Collected data entries:
(* Fix $a\in[0,\infty)$. For a function $O:[0,1]^2\to[0,1]$ the following are equivalent: (1) There exist a continuous and strictly decreasing function $\theta:[0,1]\to[0,\infty]$ and a continuous and decreasing function $\vartheta:[0,\infty]\to[0,1]$ such that $O(x,y)=\vartheta(\theta(x)+\theta(y))$ for all $x,y$, $O$ is an overlap function, and at least one of the following holds: (a) $\theta(x)=\frac{a}{2}$ if and only if $x=1$; (b) $\vartheta(x)=1$ if and only if $x\in[0,a]$. (2) $O$ is an overlap function and there exist a pseudo automorphism $\mathcal{F}$ and a strict t-norm $T$ with $O(x,y)=\mathcal{F}(T(x,y))$ for all $(x,y)\in[0,1]^2$. (3) There exist a strictly increasing bijection $\varphi:[0,1]\to[0,1]$ and a pseudo automorphism $\mathcal{H}$ such that $O(x,y)=\mathcal{H}(\varphi(x)\varphi(y))$ for all $(x,y)\in[0,1]^2$.
   Context: ''Decreasing'' means non-increasing and ''increasing'' means non-decreasing. Arithmetic in $[0,\infty]$ uses $c+\infty=\infty$; continuity on $[0,\infty]$ refers to the usual topology of the extended half-line. An overlap function is a map $O:[0,1]^2\to[0,1]$ that is (O1) commutative, (O2) $O(x,y)=0$ iff $xy=0$, (O3) $O(x,y)=1$ iff $xy=1$, (O4) increasing in each variable, (O5) continuous. A pseudo automorphism is a continuous increasing map $\mathcal{F}:[0,1]\to[0,1]$ with $\mathcal{F}(x)=1$ iff $x=1$ and $\mathcal{F}(x)=0$ iff $x=0$. A t-norm is a commutative, associative map $T:[0,1]^2\to[0,1]$, increasing in each variable, with $T(x,1)=x$; it is strict if it is continuous and strictly increasing on $(0,1]^2$ (i.e. $T(x,y)<T(x',y)$ whenever $y>0$ and $x<x'$). *)

(* Functions on [0,1] are total functions R -> R whose behaviour is only
   constrained on [0,1]; [0,oo] is the subset [set x | 0 <= x] of \bar R. *)
From HB Require Import structures.
From mathcomp Require Import all_boot all_order all_algebra.
From mathcomp Require Import all_classical all_reals all_analysis.
Set Implicit Arguments. Unset Strict Implicit. Unset Printing Implicit Defensive.
Import Order.TTheory GRing.Theory Num.Theory.
Import numFieldNormedType.Exports.
Local Open Scope classical_set_scope.
Local Open Scope ring_scope.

▶ _Work instruction_: Pull out each line of the entries that contains "Require".

▶ _Final answer_:
From HB Require Import structures.
From mathcomp Require Import all_boot all_order all_algebra.
From mathcomp Require Import all_classical all_reals all_analysis.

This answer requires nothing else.